- Theatrical release poster
- Directed by: Al Adamson
- Written by: Bruce Feld, Samuel M. Sherman
- Cinematography: Gary Graver
- Edited by: John Winfield
- Music by: Herman Stein
- Distributed by: Independent-International Pictures
- Release date: January 1975;
- Running time: 102 minutes
- Country: United States
- Language: English

= The Naughty Stewardesses =

The Naughty Stewardesses is a 1975 American sexploitation film directed by Al Adamson.

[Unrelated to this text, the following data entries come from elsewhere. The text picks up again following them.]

Lemma pair_eval_pm z a : z ^+ 2 = e -> a != 0 ->
  ((z - a) * (z - e / a)) * ((- z - a) * (- z - e / a)) =
  - e * (pair_sum a ^+ 2 - 4 * e).
Proof.
move=> z2 a0; rewrite /pair_sum.
have -> : ((z - a) * (z - e / a)) * ((- z - a) * (- z - e / a)) =
    (z ^+ 2 + e) ^+ 2 - (a + e / a) ^+ 2 * z ^+ 2 by field; rewrite a0.
by rewrite z2; case: sign_cases => ->; ring.
Qed.

Lemma eval_unfold_pairs z A : z ^+ 2 = e -> all (fun a => a != 0) A ->
  \prod_(y <- unfold_pairs A) (z - y) * \prod_(y <- unfold_pairs A) (- z - y) =
  (- e) ^+ size A * \prod_(a <- A) (pair_sum a ^+ 2 - 4 * e).
Proof.
move=> z2; elim: A => [|a A IH]; first by rewrite !big_nil mulr1.
move=> /andP[a0 A0]; rewrite unfold_pairs_cons !big_cons /= exprS.
set Pz := \prod_(y <- _) (z - y); set Pmz := \prod_(y <- _) (- z - y).
transitivity (((z - a) * (z - e / a)) * ((- z - a) * (- z - e / a)) * (Pz * Pmz)).
  by ring.
rewrite pair_eval_pm // IH //; ring.
Qed.

(* The pair sums are determined by the multiset unfold_pairs A: each occurs
   there exactly twice as often as in map pair_sum A. *)
Lemma count_unfold_pairs A (P : pred L) : all (fun a => a != 0) A ->
  count P (map pair_sum (unfold_pairs A)) = (2 * count P (map pair_sum A))%N.
Proof.
elim: A => [|a A IH] // /andP[a0 A0].
rewrite unfold_pairs_cons /= IH // pair_sum_partner //.
by rewrite !mul2n doubleD addnA addnn.
Qed.

Lemma sqdiff_pair_sums_perm A B :
  all (fun a => a != 0) A -> all (fun a => a != 0) B ->
  perm_eq (unfold_pairs A) (unfold_pairs B) ->
  sqdiff (map pair_sum A) = sqdiff (map pair_sum B).
Proof.
move=> A0 B0 pAB; apply: sqdiff_perm; apply/permP => P.
have /permP/(_ P) := perm_map pair_sum pAB.
by rewrite !count_unfold_pairs // => /eqP; rewrite eqn_pmul2l // => /eqP.
Qed.

End RootPairs.

Lemma map_unfold_pairs (L L' : fieldType) (g : {rmorphism L -> L'}) e A :
  map g (unfold_pairs e A) = unfold_pairs (g e) (map g A).
Proof. by elim: A => [|a A IH] //=; rewrite IH fmorph_div. Qed.

Lemma map_pair_sum (L L' : fieldType) (g : {rmorphism L -> L'}) e a :
  g (pair_sum e a) = pair_sum (g e) (g a).
Proof. by rewrite /pair_sum rmorphD fmorph_div. Qed.

Section TwistedReverse.
Variables (L : fieldType) (e : L) (n : nat).
Hypothesis e2 : e ^+ 2 = 1.

(* The polynomial sum_(i <= 2n) e^(n+i) f_(2n-i) X^i; for e = 1 this is the
   reverse of f in degree 2n, for e = -1 the reverse of f(-X) up to sign.
   The (skew-)reciprocal polynomials are its fixed points. *)
Definition twisted_reverse (f : {poly L}) : {poly L} :=
  \poly_(i < (2 * n).+1) (e ^+ (n + i) * f`_(2 * n - i)).

Lemma coef_twisted_reverse (f : {poly L}) k : (k <= 2 * n)%N ->
  (twisted_reverse f)`_k = e ^+ (n + k) * f`_(2 * n - k).
Proof. by move=> kle; rewrite coef_poly ltnS kle. Qed.

Lemma sign_exp_sub i : (i <= 2 * n)%N -> e ^+ (2 * n - i) = e ^+ i.
Proof.
move=> ile; apply: (mulIf (expf_neq0 i (sqr_eq1_neq0 e2))).
rewrite -!exprD subnK // addnn -mul2n.
by rewrite !exprM e2 !expr1n.
Qed.

Lemma horner_twisted_reverse (f : {poly L}) x : (size f <= (2 * n).+1)%N -> x != 0 ->
  (twisted_reverse f).[x] = e ^+ n * x ^+ (2 * n) * f.[e / x].
Proof.
move=> szf x0; rewrite horner_poly (horner_coef_wide _ szf) mulr_sumr.
rewrite (reindex_inj rev_ord_inj); apply: eq_bigr => -[i ilt] _ /=.
have ile : (i <= 2 * n)%N by [].
rewrite subSS subKn // exprD sign_exp_sub // -{2}(subnK ile) exprD expr_div_n.
by field; rewrite expf_neq0.
Qed.

End TwistedReverse.

Lemma map_twisted_reverse (L L' : fieldType) (g : {rmorphism L -> L'}) e n f :
  map_poly g (twisted_reverse e n f) = twisted_reverse (g e) n (map_poly g f).
Proof.
apply/polyP => k; rewrite coef_map /twisted_reverse !(coef_poly (2 * n).+1).
case: ltnP => _; last exact: rmorph0.
by rewrite coef_map -rmorphXn -rmorphM.
Qed.

Section PalindromicCharZero.
Variables (L : numFieldType) (e : L) (n : nat).
Hypothesis e2 : e ^+ 2 = 1.

Lemma twisted_reverse_fixed (f : {poly L}) : (size f <= (2 * n).+1)%N ->
  (forall x, x != 0 -> f.[x] = e ^+ n * x ^+ (2 * n) * f.[e / x]) ->
  twisted_reverse e n f = f.
Proof.
move=> szf Hf; apply/eqP; rewrite -subr_eq0; apply: contraT => d0.
pose xs : seq L := [seq i.+1%:R | i <- iota 0 (2 * n).+1].
have uxs : uniq xs.
  by rewrite map_inj_uniq ?iota_uniq // => a b /eqP; rewrite eqr_nat eqSS => /eqP.
have rxs : all (root (twisted_reverse e n f - f)) xs.
  apply/allP => _ /mapP[i _ ->]; have i0 : i.+1%:R != 0 :> L by rewrite pnatr_eq0.
  by rewrite /root hornerD hornerN horner_twisted_reverse // -Hf // subrr.
have := max_poly_roots d0 rxs uxs; rewrite size_map size_iota ltnNge.
move=> /negP[]; apply: (leq_trans (size_polyD _ _)).
by rewrite geq_max size_polyN szf size_poly.
Qed.

Lemma twisted_reverse_deriv (f : {poly L}) x : (size f <= (2 * n).+1)%N ->
  twisted_reverse e n f = f -> x ^+ 2 = e -> root f x -> f^`().[x] = 0.
Proof.
move=> szf Df x2 /rootP fx.
have x0 : x != 0.
  by apply: contra_neq (sqr_eq1_neq0 e2) => x0; rewrite -x2 x0 expr0n.
have Hc k : (k <= 2 * n)%N -> f`_k = e ^+ (n + k) * f`_(2 * n - k).
  by move=> kle; rewrite -{1}Df coef_twisted_reverse.
have coefD k : (f^`() * 'X)`_k = f`_k *+ k.
  by rewrite coefMX coef_deriv; case: k => [|k] //=; rewrite mulr0n.
have szX : (size (f^`() * 'X)%R <= (2 * n).+1)%N.
  apply/leq_sizeP => j hj; rewrite coefD.
  by move/leq_sizeP: szf => -> //; rewrite mul0rn.
(* S = x f'(x) equals both sum_i i f_i x^i and sum_i (2n - i) f_i x^i. *)
set S := \sum_(i < (2 * n).+1) f`_i *+ i * x ^+ i.
have DS : f^`().[x] * x = S.
  rewrite -hornerMX (horner_coef_wide _ szX).
  by apply: eq_bigr => i _; rewrite coefD.
have DS' : S = \sum_(i < (2 * n).+1) f`_i *+ (2 * n - i) * x ^+ i.
  rewrite /S (reindex_inj rev_ord_inj); apply: eq_bigr => -[i ilt] _ /=.
  have ile : (i <= 2 * n)%N by [].
  set m := (2 * n - i)%N; rewrite subSS -/m (Hc _ (leq_subr i _)) subKn //.
  have -> : x ^+ i = e ^+ (n + m) * x ^+ m.
    apply: (mulIf (expf_neq0 m x0)); rewrite -exprD subnKC // -mulrA -exprMn.
    rewrite -expr2 x2 exprD -mulrA -exprMn -expr2 e2 expr1n mulr1.
    by rewrite exprM x2.
  by rewrite mulrnAl; ring.
have : S *+ 2 = 0.
  rewrite mulr2n {1}DS' /S -big_split /=.
  transitivity ((\sum_(i < (2 * n).+1) f`_i * x ^+ i) *+ (2 * n)).
    rewrite -sumrMnl; apply: eq_bigr => -[i ilt] _ /=.
    by rewrite -mulrDl -mulrnDr subnK // mulrnAl.
  by rewrite -(horner_coef_wide _ szf) fx mul0rn.
by move/eqP; rewrite mulrn_eq0 /= -DS mulf_eq0 (negPf x0) orbF => /eqP.
Qed.

End PalindromicCharZero.

Lemma roots_ofE (f : {poly rat}) :
  polyC_of f = ratr (lead_coef f) *: \prod_(r <- roots_of f) ('X - r%:P).
Proof.
have Df := svalP (closed_field_poly_normal (polyC_of f)).
by rewrite -/(roots_of f) /polyC_of lead_coef_map in Df.
Qed.

Lemma roots_of_aut (f : {poly rat}) (nu : {rmorphism algC -> algC}) :
  f != 0 -> perm_eq (map nu (roots_of f)) (roots_of f).
Proof.
move=> f0; have c0 : ratr (lead_coef f) != 0 :> algC.
  by rewrite fmorph_eq0 lead_coef_eq0.
apply: prod_XsubC_eq; apply: (scalerI c0); rewrite -roots_ofE.
have /(congr1 (map_poly nu)) := roots_ofE f.
rewrite /polyC_of map_polyZ fmorph_rat -map_poly_comp.
rewrite (eq_map_poly (fmorph_rat nu)) rmorph_prod big_map => ->.
by congr (_ *: _); apply: eq_bigr => x _; rewrite /= map_polyXsubC.
Qed.

Lemma discriminantE (f : {poly rat}) :
  discriminant f =
  ratr (lead_coef f) ^+ (2 * (size f).-1 - 2) * sqdiff (roots_of f).
Proof. by rewrite /discriminant sqdiffE. Qed.

Lemma expr_lead_split (K : fieldType) (n : nat) (c : K) : c != 0 ->
  c ^+ (2 * (2 * n) - 2) = c ^+ 2 * (c ^+ (2 * n - 1) / c) ^+ 2.
Proof.
move=> c0; case: n => [|m].
  by rewrite muln0 sub0n expr0 div1r exprVn mulfV ?expf_neq0.
have -> : (2 * (2 * m.+1) - 2 = (2 * m + 2 * m) + 2)%N by lia.
have -> : (2 * m.+1 - 1 = (2 * m).+1)%N by lia.
by rewrite [c ^+ (2 * m).+1]exprSr mulfK // !exprD; ring.
Qed.

Lemma is_rat_square_mul_sq (x g : algC) : g \in Crat -> g != 0 ->
  is_rat_square (x * g ^+ 2) <-> is_rat_square x.
Proof.
move=> /CratP[r ->]; rewrite fmorph_eq0 => r0.
split=> -[q Dq]; last by exists (q * r); rewrite Dq -rmorphXn -rmorphM exprMn.
exists (q / r); apply: (mulIf (expf_neq0 2 (_ : ratr r != 0))).
  by rewrite fmorph_eq0.
by rewrite Dq -!rmorphXn -rmorphM; congr ratr; field.
Qed.

Section PalindromicDiscriminant.
Variables (f : {poly rat}) (n : nat) (e : rat) (z : algC).
Hypotheses (e2 : e ^+ 2 = 1) (sepf : separable_poly f).
Hypotheses (szf : size f = (2 * n).+1) (palf : twisted_reverse e n f = f).
Hypothesis z2 : z ^+ 2 = ratr e.

Let E : algC := ratr e.
Let F : {poly algC} := polyC_of f.
Let c : algC := ratr (lead_coef f).
Let s : seq algC := roots_of f.

Let E2 : E ^+ 2 = 1. Proof. by rewrite /E -rmorphXn e2 rmorph1. Qed.
Let E0 : E != 0. Proof. exact: sqr_eq1_neq0. Qed.
Let f0 : f != 0. Proof. by rewrite -size_poly_gt0 szf. Qed.
Let c0 : c != 0. Proof. by rewrite fmorph_eq0 lead_coef_eq0. Qed.
Let szF : (size F <= (2 * n).+1)%N. Proof. by rewrite size_map_poly szf. Qed.
Let palF : twisted_reverse E n F = F.
Proof. by rewrite -map_twisted_reverse palf. Qed.
Let rootF x : root F x = (x \in s).
Proof. by rewrite /F roots_ofE rootZ // root_prod_XsubC. Qed.

(* The roots come in pairs {x, e/x} of distinct nonzero roots: x = 0 is not a
   root because F(0) = e^n lc(F), e/x is a root by the functional equation, and
   e/x = x would make x a multiple root. *)
Lemma roots_paired x : x \in s -> [/\ x != 0, E / x \in s & E / x != x].
Proof.
rewrite -rootF => Fx; have F0 : F.[0] != 0.
  rewrite horner_coef0 -palF coef_twisted_reverse // subn0 mulf_neq0 //.
    by rewrite expf_neq0.
  by rewrite /F coef_map fmorph_eq0 [(2 * n)%N]pred_Sn -szf -lead_coefE lead_coef_eq0.
have x0 : x != 0 by apply/eqP => x0; move: F0; rewrite -{1}x0 (rootP Fx) eqxx.
split => //.
  rewrite -rootF; apply/rootP; rewrite -palF horner_twisted_reverse //.
    by rewrite partnerK // (rootP Fx) mulr0.
  by rewrite mulf_neq0 ?invr_eq0.
apply/eqP => Dx; have x2 : x ^+ 2 = E by rewrite expr2 -{2}Dx mulrCA divff ?mulr1.
have : separable_poly F by rewrite separable_map.
rewrite unlock => /coprimep_root/(_ Fx).
by rewrite (twisted_reverse_deriv E2 szF palF x2 Fx) eqxx.
Qed.

Let szs : size s = (2 * n)%N.
Proof.
have : size F = (2 * n).+1 by rewrite size_map_poly.
by rewrite /F roots_ofE size_scale // size_prod_XsubC => -[].
Qed.

Let us : uniq s.
Proof.
have : separable_poly F by rewrite separable_map.
by rewrite /F roots_ofE (eqp_separable (eqp_scale _ c0)) separable_prod_XsubC.
Qed.

Let A : seq algC := pair_reps E n s.

Let pairing : perm_eq s (unfold_pairs E A) /\ size A = n.
Proof. exact (pair_repsP E2 szs us roots_paired). Qed.

Let A0 : all (fun a => a != 0) A.
Proof.
apply/allP => a aA; have : a \in s by rewrite (perm_mem pairing.1) mem_unfold_pairs.
by case/roots_paired.
Qed.

Let P : algC := \prod_(a <- A) (pair_sum E a ^+ 2 - 4 * E).
Let W : algC := sqdiff (map (pair_sum E) A).

Lemma sqdiff_roots_paired : sqdiff s = P * W ^+ 2.
Proof. by rewrite (sqdiff_perm pairing.1) sqdiff_unfold_pairs. Qed.

Lemma eval_pm_roots_paired : (- E) ^+ n * (F.[z] * F.[- z]) = c ^+ 2 * P.
Proof.
rewrite /F roots_ofE -/c -/s !hornerZ !horner_prod.
under eq_bigr do rewrite hornerXsubC.
under [X in _ * (_ * X)]eq_bigr do rewrite hornerXsubC.
rewrite !(perm_big _ pairing.1) /=.
transitivity (c ^+ 2 * ((- E) ^+ n * (\prod_(i <- unfold_pairs E A) (z - i) *
                 \prod_(i <- unfold_pairs E A) (- z - i)))); first by ring.
have sgn : (- E) ^+ n * (- E) ^+ n = 1 by rewrite -exprMn mulrNN -expr2 E2 expr1n.
by rewrite eval_unfold_pairs // pairing.2 [(- E) ^+ n * _]mulrA sgn mul1r.
Qed.

(* W is a symmetric function of the pair sums, hence fixed by the Galois
   action on the roots, hence rational. *)
Lemma pair_sums_sqdiff_rat : W \in Crat.
Proof.
apply: Crat_fixed => nu; have nuE : nu E = E by rewrite fmorph_rat.
rewrite /W sqdiff_map -map_comp.
rewrite (eq_map (_ : nu \o pair_sum E =1 pair_sum E \o nu)); last first.
  by move=> a; rewrite /= map_pair_sum nuE.
rewrite map_comp; apply: sqdiff_pair_sums_perm => //.
  by rewrite all_map; apply: sub_all A0 => a /=; rewrite fmorph_eq0.
rewrite -[E in unfold_pairs E _]nuE -map_unfold_pairs.
have pAs : perm_eq (unfold_pairs E A) s by rewrite perm_sym; exact: pairing.1.
exact (perm_trans (perm_map nu pAs) (perm_trans (roots_of_aut nu f0) pairing.1)).
Qed.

The film, which partially inspired Adamson's Blazing Stewardesses released later the same year, is also known as Fresh Air.

== Premise ==
The plot revolves around the erotic adventures of four female flight attendants, who are flatmates on the American West Coast.

== Cast ==

- Robert Livingston - Ben Brewster
- Connie Hoffman - Debbie Stewart
- Richard Smedley - Cal
- Donna Desmond - Margie
- Marilyn Joi (credited as Tracy King) - Barbara Watson
- Sydney Jordan - Jane

== Production ==
The Naughty Stewardesses was considered a commercial success by the producers, who wanted to produce a sequel.

== Reception ==
The film was found to "follow the very pattern of Roger Corman nurse films (very popular at the time), only with stewardesses".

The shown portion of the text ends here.